Several religions have ascribed special significance to dreams, which is kinda in your direction?

I like the concept, though I am not religious myself.

I’m studying neurology at the moment, and when you look at what the subconscious mind does every moment, let alone what it’s capable of, it makes the conscious mind seem like the idiot CEO put in charge of a company bursting with genuises. The kind of person that sends out a company-wide email in comic sans saying “Our competitor’s have launched there product!!”.

Obviously I’m not implying that consciousness is unnecessary…just making a point about the relationship.

this is a common “exoteric” explanation for occult phenomena. It is popular because people like it a lot more than the more obvious, “esoteric” explanation of the person being in contact with an outside intelligence (“familiar spirit”).

The idea of a superior intelligence resting in various forms of the “unconscious” originates from Carl Jung who was in contact with at least one such “intelligence” called Philemon (google Carl Jung Philemon). Jung clearly recognized that he was dealing with something that was not part of his own mind, so he invented the whole theory to explain it away in “materialistic” terms. Or, maybe these same spirits he was in contact with taught him the theory…

Incidentally, “unconscious” also figured in teachings of other contemporary psychologists who did not follow Jung, such as Freud, but others did not assign to it any notion of special powers. To Freud unconscious/subconscious was a source of the raw impulses such as violent or sexual, not a superior intelligence.

OP: I’ve heard this before from property dualists. Everything “spiritual” is ultimately reducible to a property of one’s mind, and the mind is merely the software side of the brain.

code_grey: While I’d heard of the collective unconscious, I thought it related more to evolutionary instincts, a type of hereditary knowledge. I had no idea Jung believed in some sort of quasi-spiritual phenomenon. All the more reason I’m happy I dumped my Jungian therapist.

It’s not a religion, but Julian Jaynes wrote a book back in 1976 with the daunting title the Origins of Consciousness in the Breakdown of the Bicameral Mind that actually became a bestseller, in which he claimed that all the way into historic times people experienced “the gods” as auditory hallucinations that “talked” to them. It was really, he claimed, one half of the brain sending signals to the other side via connections across the main fissure, and so the gods were literally in our heads. Writer Neal Stephenson acknowledged Jaynes’ influence in his book the Big U, but it arguably made a much bigger impact on his later Snow Crash.
There’s still a Julian Jaynes Society supporting this, but it’s not a faith

Some forms of humanism, and teachings of Socrates (know yourself) and Plato come to mind, along with the sayings ‘your divinity lies within’ by somebody that I can’t remember.

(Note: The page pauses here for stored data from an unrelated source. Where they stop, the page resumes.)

Theorem mainTheorem5 (F : fieldType) (hF2 : 2%N \notin [pchar F])
  (hF3 : 3%N \notin [pchar F]) (m : nat) (hm : (1 <= m)%N) :
  capable (Hm F m) <-> m = 1%N.
Proof.
split=> [cap_m | ->]; last exact: Hm1_capable.
have [m_gt1 | m_le1] := ltnP 1 m; first by case: (Hm_not_capable m_gt1 cap_m).
by apply/eqP; rewrite eqn_leq m_le1 hm.
Qed.
Lemma image_interval : 0 < dot sv sv -> T ^+ 2 = tau ^+ 2 - dot sv sv.
Proof.
move=> D0; set D := dot sv sv in D0 *.
have timelike : D < tau ^+ 2.
  rewrite lt_neqAle image_not_spacelike andbT; apply/eqP => Dtau.
  apply/axis_not_lightlike/lightlike_sym/f_lightlike.
  by rewrite /lightlike mink_self -/tau -/sv -/D Dtau subrr.
have [w [svw w0]] := exists_orthogonal sv n2.
have h0 : 0 <= (tau ^+ 2 - D) / 4 / dot w w.
  by rewrite !divr_ge0 ?ler0n ?ltW // subr_gt0.
have [h [_ hh]] := euclidean_sqrt euclR h0.
have hH : h ^+ 2 * dot w w = 0 ^+ 2 * (1 - tau ^+ 2 / D) + (tau ^+ 2 - D) / 4.
  by rewrite expr2 hh mulfVK ?lt0r_neq0 // expr0n mul0r add0r.
have [x fx] := f_surj (f q1 + cone_point sv w tau 0 h).
have [] := cone_point_image svw (lt0r_neq0 D0) hH; rewrite -fx => fxq1 fxq2.
have [tx dx] := preimage_cone_meet fxq1 fxq2.
have nxq1 : x != q1 by apply: contraNneq q12 => xq; move: tx; rewrite xq; lra.
have nxq2 : x != q2 by apply: contraNneq q12 => xq; move: tx; rewrite xq; lra.
have [xq1 xq2] : lightlike x q1 /\ lightlike x q2 by split; apply/f_lightlike.
have fy := reflection_through_midpoint xq1 xq2 nxq1 nxq2 axis_not_lightlike.
have fyE : f (q1 + q2 - x) = f q1 + cone_point sv w tau 0 (- h).
  rewrite fy fx image_q2 /cone_point.
  by apply/rowP => j; rewrite !mxE; case: (unlift _ _) => [i|]; rewrite ?mxE; field;
    rewrite ?lt0r_neq0.
have ty : tcomp x = tcomp (q1 + q2 - x) by rewrite !compE tx; lra.
have := simdist_cone_points fx fyE ty.
rewrite (_ : scomp (x - (q1 + q2 - x)) = 2 *: scomp x); last first.
  by rewrite !compE q1_axis q2_axis; row_ring.
rewrite dotZl dotZr dx (_ : (h - - h) ^+ 2 * dot w w = 4 * (h ^+ 2 * dot w w)); last by ring.
by rewrite hH expr0n mul0r add0r !expr2; lra.
Qed.

End AxisInterval.

Lemma time_dilation q1 q2 : scomp q1 = 0 -> scomp q2 = 0 ->
  0 < dot (scomp (f q2 - f q1)) (scomp (f q2 - f q1)) ->
  `|tcomp q1 - tcomp q2| < `|tcomp (f q1) - tcomp (f q2)|.
Proof.
move=> q1_axis q2_axis D0.
have q12 : tcomp q1 != tcomp q2.
  apply: contraTneq D0 => tq; have -> : q2 = q1.
    apply/eqP; rewrite -subr_eq0; apply/eqP/point_eq0.
      by rewrite !compE tq subrr.
    by rewrite !compE q1_axis q2_axis subrr.
  rewrite subrr (_ : scomp 0 = 0) ?dot0r ?ltxx //.
  by apply/rowP => i; rewrite !mxE.
have := image_interval q1_axis q2_axis q12 D0; rewrite tcompD tcompN => e.
rewrite -ltr_sqr ?qualifE ?normr_ge0 //= !real_normK ?num_real //.
by move: e D0; rewrite !expr2; lra.
Qed.

End LightConePreserving.

Section Worldview.
Variables (R : realFieldType) (n : nat) (B : Type) (IOb Ph : B -> Prop).
Variable W : B -> B -> point R n -> Prop.
Hypotheses (n1 : (1 <= n)%N) (euclR : Euclidean R) (axPh : AxPh0 IOb Ph W).

Lemma AxPh0_lightlike o p q : IOb o ->
  lightlike p q <-> exists b, Ph b /\ W o b p /\ W o b q.
Proof. by move=> io; rewrite -elen_lightlike //; exact: axPh. Qed.

Lemma AxPh0_Cd o p : IOb o -> Cd W o p.
Proof.
move=> io; have [b [_ [Wp _]]] := (AxPh0_lightlike p p io).1 (lightlike_refl p).
by exists b.
Qed.

Lemma inEv_ev o p : IOb o -> inEv W o (ev W o p).
Proof. by move=> io; exists p; split=> //; exact: AxPh0_Cd. Qed.

Lemma AxPh0_ev_inj o : IOb o -> injective (ev W o).
Proof.
move=> io p q epq; apply: NNPP => npq.
have [r [pr nqr]] := lightlike_separates n1 (introN eqP npq).
have [b [phb [Wp Wr]]] := (AxPh0_lightlike p r io).1 pr.
apply: nqr; apply/(AxPh0_lightlike q r io); exists b; split=> //; split=> //.
by rewrite -[W o b q]/(ev W o q b) -epq.
Qed.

My favorite t-shirt has Buddha on it and says simply Inquire Within. I don’t think that you have to be particularly religious to benefit from Buddhist teachings about the self. You might find things that are written about “mindfulness” to be particularly helpful.

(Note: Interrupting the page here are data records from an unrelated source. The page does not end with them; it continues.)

Lemma closed_le_continuous (f g : T -> R) :
  continuous f -> continuous g -> closed [set x | f x <= g x].
Proof.
move=> cf cg; have -> : [set x | f x <= g x] = (fun x => f x - g x) @^-1` [set y | y <= 0].
  by apply/seteqP; split => x /=; rewrite subr_le0.
by apply: preimage_closed => [x _|]; [exact: (continuousB (cf x) (cg x)) | exact: closed_le].
Qed.

Lemma closed_forall (I : Type) (P : I -> set T) :
  (forall i, closed (P i)) -> closed [set x | forall i, P i x].
Proof.
move=> clP; have -> : [set x | forall i, P i x] = \bigcap_(i in [set: I]) P i.
  by apply/seteqP; split => x /= Px i //; apply: Px.
by apply: closed_bigI => i _; apply: clP.
Qed.

Lemma continuous_sum_mul_entries m n (F : T -> 'M[R]_(m, n)) (a : 'I_m -> 'I_n -> R) :
  (forall i j, continuous (fun t => F t i j)) ->
  continuous (fun t => \sum_i \sum_j a i j * F t i j).
Proof.
move=> cF t; apply: continuous_big => [|i _]; first exact: add_continuous.
apply: continuous_big => [|j _ s]; first exact: add_continuous.
by apply: continuousM; [apply: cst_continuous | apply: cF].
Qed.

End ClosedSets.

Lemma bounded_set_rV {R : realType} {n : nat} (A : set 'rV[R]_n) (M : R) :
  (forall v, A v -> forall i, `|v 0 i| <= M) -> bounded_set A.
Proof.
move=> AM; exists (Num.max M 0); split; first exact: num_real.
move=> M' M'_gt v Av /=; rewrite [leLHS]/Num.norm /= mx_normrE.
have [M_le M0_le] : M <= M' /\ 0 <= M' by move: M'_gt; rewrite gt_max => /andP[/ltW ? /ltW].
apply: bigmax_le => // -[i k] _ /=; rewrite (ord1 i).
exact: le_trans (AM v Av k) M_le.
Qed.

Section FeasibleSetCompact.
Context {R : realType} {N : nat}.
Notation V := 'rV[R]_(N.+2 * N.+2 + N.+1).

Definition decG (v : V) : 'M[R]_N.+2 := vec_mx (lsubmx v).
Definition decf (v : V) : 'cV[R]_N.+1 := (rsubmx v)^T.
Definition enc (G : 'M[R]_N.+2) (f : 'cV[R]_N.+1) : V := row_mx (mxvec G) f^T.

Lemma decG_enc G f : decG (enc G f) = G.
Proof. by rewrite /decG /enc row_mxKl mxvecK. Qed.

Lemma decf_enc G f : decf (enc G f) = f.
Proof. by rewrite /decf /enc row_mxKr trmxK. Qed.

Lemma enc_dec v : enc (decG v) (decf v) = v.
Proof. by rewrite /enc /decG /decf vec_mxK trmxK hsubmxK. Qed.

Lemma continuous_decG i j : continuous (fun v => decG v i j).
Proof. by under eq_fun do rewrite !mxE; apply: coord_continuous. Qed.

I agree regarding Buddhism: in the case of Tibetan Buddhism, anyway, I know quite a number of practitioners who chose to view it more as applied psychology than a religion. Of course, it CAN be practiced as a religion, and I know lots of people who do just that. I just don’t think it needs to be, and that meditation and a lot of the basic practices can bring enormous benefit to anybody who wants to study and practice with a qualified teacher. :slight_smile:

Reminds me of the joke about the Buddhist who goes to a hot dog vendor and asks “Can you make me one with everything?”

“How do you know you’re God?”

"Simple. When I pray to Him, I find I am talking to myself. "

The 14th Earl of Gurney.

… and pays with a $20 bill. When the Buddhist asked for his change the vendor replies, “Change comes from within.”

So, an atheistic philosophy with no supernatural elements? That seems counter to the definition of religion to me.

Even an an atheistic Buddhism still has karma and rebirth, both supernatural things. Not to mention the pantheon of Devas, other realms, the ability to visit them like the Buddha did, etc.